The expected response is the entire set of entries, copied exactly.

═════ RECORDS PROVIDED ═════

(* The category of exact $\mathfrak{K}$-modules $M$ with $\alpha_{12}=0$ and $\alpha_{21}=0$ is equivalent to the category of $\mathbb{Z}/2$-graded cohomologically trivial $\mathfrak{S}$-modules, via $M\mapsto(M_0,t_0)$. A homomorphism $f_0\colon M_0\to L_0$ between two $\mathbb{Z}/2$-graded cohomologically trivial $\mathfrak{S}$-modules induces an injective or surjective homomorphism of exact $\mathfrak{K}$-modules if and only if $f_0$ is injective or surjective, respectively.
   Context: Fix a prime $p$, $N(x)=1+x+\dots+x^{p-1}$, $\mathfrak{S}=\mathbb{Z}[t]/(t^p-1)$. A $\mathfrak{K}$-module $M$ amounts to $\mathbb{Z}/2$-graded abelian groups $M_0,M_1,M_2$ with homomorphisms $\alpha_{jk}\colon M_k\to M_j$ ($j\neq k$; $\alpha_{12},\alpha_{21}$ grading-reversing, others grading-preserving) with $\alpha_{jk}\alpha_{km}=0$ for $\{j,k,m\}=\{0,1,2\}$ and, for $t_0:=1-\alpha_{02}\alpha_{20}$ on $M_0$, $s_1:=1-\alpha_{12}\alpha_{21}$ on $M_1$, $t_2:=1-\alpha_{20}\alpha_{02}$, $s_2:=1-\alpha_{21}\alpha_{12}$ on $M_2$: $\alpha_{01}\alpha_{10}=N(t_0)$, $\alpha_{10}\alpha_{01}=N(s_1)$, $N(t_2)+N(s_2)=p$; morphisms are triples of grading-preserving maps commuting with all $\alpha_{jk}$. $M$ is exact if the cyclic sequences $M_0\xrightarrow{\alpha_{10}}M_1\xrightarrow{\alpha_{21}}M_2\xrightarrow{\alpha_{02}}M_0$ and $M_0\xrightarrow{\alpha_{20}}M_2\xrightarrow{\alpha_{12}}M_1\xrightarrow{\alpha_{01}}M_0$ are exact. An $\mathfrak{S}$-module is cohomologically trivial if $\ker(1-t)=\operatorname{im}N(t)$ and $\operatorname{im}(1-t)=\ker N(t)$. *)

From HB Require Import structures.
From mathcomp Require Import all_boot all_order all_algebra.
Set Implicit Arguments. Unset Strict Implicit. Unset Printing Implicit Defensive.
Import GRing.Theory.
Local Open Scope ring_scope.

Definition hom (U V : zmodType) (f : U -> V) : Prop :=
  forall x y, f (x + y) = f x + f y.

(* A Z/2-grading on an abelian group V is a decomposition V = V^0 (+) V^1,
   encoded by the additive idempotent projection e onto V^0 (along V^1). *)
Definition grading (V : zmodType) (e : V -> V) : Prop :=
  hom e /\ forall x, e (e x) = e x.

Definition gpres (U V : zmodType) (eU : U -> U) (eV : V -> V) (f : U -> V) :=
  forall x, f (eU x) = eV (f x).
(* grading-reversing map: maps U^0 to V^1 and U^1 to V^0 *)
Definition grev (U V : zmodType) (eU : U -> U) (eV : V -> V) (f : U -> V) :=
  forall x, f (eU x) = f x - eV (f x).

Definition Nop (p : nat) (V : zmodType) (t : V -> V) (x : V) : V :=
  \sum_(i < p) iter i t x.

Unset Implicit Arguments.
Record Kdata := KData {
  K0 : zmodType; K1 : zmodType; K2 : zmodType;
  e0 : K0 -> K0; e1 : K1 -> K1; e2 : K2 -> K2;
  a01 : K1 -> K0; a02 : K2 -> K0;
  a10 : K0 -> K1; a12 : K2 -> K1;
  a20 : K0 -> K2; a21 : K1 -> K2 }.
Set Implicit Arguments.

Definition t0 (M : Kdata) (x : K0 M) : K0 M := x - a02 M (a20 M x).
Definition s1 (M : Kdata) (x : K1 M) : K1 M := x - a12 M (a21 M x).
Definition t2 (M : Kdata) (x : K2 M) : K2 M := x - a20 M (a02 M x).
Definition s2 (M : Kdata) (x : K2 M) : K2 M := x - a21 M (a12 M x).

Definition is_Kmod (p : nat) (M : Kdata) : Prop :=
  [/\ grading (e0 M) /\ grading (e1 M) /\ grading (e2 M),
      [/\ hom (a01 M), hom (a02 M) & hom (a10 M)] /\
      [/\ hom (a12 M), hom (a20 M) & hom (a21 M)],
      [/\ gpres (e1 M) (e0 M) (a01 M), gpres (e2 M) (e0 M) (a02 M) &
          gpres (e0 M) (e1 M) (a10 M)] /\ [/\ grev (e2 M) (e1 M) (a12 M),
          gpres (e0 M) (e2 M) (a20 M) & grev (e1 M) (e2 M) (a21 M)],
      [/\ (forall x, a01 M (a12 M x) = 0), (forall x, a02 M (a21 M x) = 0) &
          (forall x, a10 M (a02 M x) = 0)] /\ [/\ (forall x, a12 M (a20 M x) = 0),
          (forall x, a20 M (a01 M x) = 0) & (forall x, a21 M (a10 M x) = 0)] &
      [/\ (forall x, a01 M (a10 M x) = Nop p (@t0 M) x),
          (forall x, a10 M (a01 M x) = Nop p (@s1 M) x) &
          (forall x, Nop p (@t2 M) x + Nop p (@s2 M) x = x *+ p)]].

Definition exact_at (U V W : zmodType) (f : U -> V) (g : V -> W) : Prop :=
  forall y, (exists x, f x = y) <-> g y = 0.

═════

● **YOUR SOLUTION**
(* The category of exact $\mathfrak{K}$-modules $M$ with $\alpha_{12}=0$ and $\alpha_{21}=0$ is equivalent to the category of $\mathbb{Z}/2$-graded cohomologically trivial $\mathfrak{S}$-modules, via $M\mapsto(M_0,t_0)$. A homomorphism $f_0\colon M_0\to L_0$ between two $\mathbb{Z}/2$-graded cohomologically trivial $\mathfrak{S}$-modules induces an injective or surjective homomorphism of exact $\mathfrak{K}$-modules if and only if $f_0$ is injective or surjective, respectively.
   Context: Fix a prime $p$, $N(x)=1+x+\dots+x^{p-1}$, $\mathfrak{S}=\mathbb{Z}[t]/(t^p-1)$. A $\mathfrak{K}$-module $M$ amounts to $\mathbb{Z}/2$-graded abelian groups $M_0,M_1,M_2$ with homomorphisms $\alpha_{jk}\colon M_k\to M_j$ ($j\neq k$; $\alpha_{12},\alpha_{21}$ grading-reversing, others grading-preserving) with $\alpha_{jk}\alpha_{km}=0$ for $\{j,k,m\}=\{0,1,2\}$ and, for $t_0:=1-\alpha_{02}\alpha_{20}$ on $M_0$, $s_1:=1-\alpha_{12}\alpha_{21}$ on $M_1$, $t_2:=1-\alpha_{20}\alpha_{02}$, $s_2:=1-\alpha_{21}\alpha_{12}$ on $M_2$: $\alpha_{01}\alpha_{10}=N(t_0)$, $\alpha_{10}\alpha_{01}=N(s_1)$, $N(t_2)+N(s_2)=p$; morphisms are triples of grading-preserving maps commuting with all $\alpha_{jk}$. $M$ is exact if the cyclic sequences $M_0\xrightarrow{\alpha_{10}}M_1\xrightarrow{\alpha_{21}}M_2\xrightarrow{\alpha_{02}}M_0$ and $M_0\xrightarrow{\alpha_{20}}M_2\xrightarrow{\alpha_{12}}M_1\xrightarrow{\alpha_{01}}M_0$ are exact. An $\mathfrak{S}$-module is cohomologically trivial if $\ker(1-t)=\operatorname{im}N(t)$ and $\operatorname{im}(1-t)=\ker N(t)$. *)

From HB Require Import structures.
From mathcomp Require Import all_boot all_order all_algebra.
Set Implicit Arguments. Unset Strict Implicit. Unset Printing Implicit Defensive.
Import GRing.Theory.
Local Open Scope ring_scope.

Definition hom (U V : zmodType) (f : U -> V) : Prop :=
  forall x y, f (x + y) = f x + f y.

(* A Z/2-grading on an abelian group V is a decomposition V = V^0 (+) V^1,
   encoded by the additive idempotent projection e onto V^0 (along V^1). *)
Definition grading (V : zmodType) (e : V -> V) : Prop :=
  hom e /\ forall x, e (e x) = e x.

Definition gpres (U V : zmodType) (eU : U -> U) (eV : V -> V) (f : U -> V) :=
  forall x, f (eU x) = eV (f x).
(* grading-reversing map: maps U^0 to V^1 and U^1 to V^0 *)
Definition grev (U V : zmodType) (eU : U -> U) (eV : V -> V) (f : U -> V) :=
  forall x, f (eU x) = f x - eV (f x).

Definition Nop (p : nat) (V : zmodType) (t : V -> V) (x : V) : V :=
  \sum_(i < p) iter i t x.

Unset Implicit Arguments.
Record Kdata := KData {
  K0 : zmodType; K1 : zmodType; K2 : zmodType;
  e0 : K0 -> K0; e1 : K1 -> K1; e2 : K2 -> K2;
  a01 : K1 -> K0; a02 : K2 -> K0;
  a10 : K0 -> K1; a12 : K2 -> K1;
  a20 : K0 -> K2; a21 : K1 -> K2 }.
Set Implicit Arguments.

Definition t0 (M : Kdata) (x : K0 M) : K0 M := x - a02 M (a20 M x).
Definition s1 (M : Kdata) (x : K1 M) : K1 M := x - a12 M (a21 M x).
Definition t2 (M : Kdata) (x : K2 M) : K2 M := x - a20 M (a02 M x).
Definition s2 (M : Kdata) (x : K2 M) : K2 M := x - a21 M (a12 M x).

Definition is_Kmod (p : nat) (M : Kdata) : Prop :=
  [/\ grading (e0 M) /\ grading (e1 M) /\ grading (e2 M),
      [/\ hom (a01 M), hom (a02 M) & hom (a10 M)] /\
      [/\ hom (a12 M), hom (a20 M) & hom (a21 M)],
      [/\ gpres (e1 M) (e0 M) (a01 M), gpres (e2 M) (e0 M) (a02 M) &
          gpres (e0 M) (e1 M) (a10 M)] /\ [/\ grev (e2 M) (e1 M) (a12 M),
          gpres (e0 M) (e2 M) (a20 M) & grev (e1 M) (e2 M) (a21 M)],
      [/\ (forall x, a01 M (a12 M x) = 0), (forall x, a02 M (a21 M x) = 0) &
          (forall x, a10 M (a02 M x) = 0)] /\ [/\ (forall x, a12 M (a20 M x) = 0),
          (forall x, a20 M (a01 M x) = 0) & (forall x, a21 M (a10 M x) = 0)] &
      [/\ (forall x, a01 M (a10 M x) = Nop p (@t0 M) x),
          (forall x, a10 M (a01 M x) = Nop p (@s1 M) x) &
          (forall x, Nop p (@t2 M) x + Nop p (@s2 M) x = x *+ p)]].

Definition exact_at (U V W : zmodType) (f : U -> V) (g : V -> W) : Prop :=
  forall y, (exists x, f x = y) <-> g y = 0.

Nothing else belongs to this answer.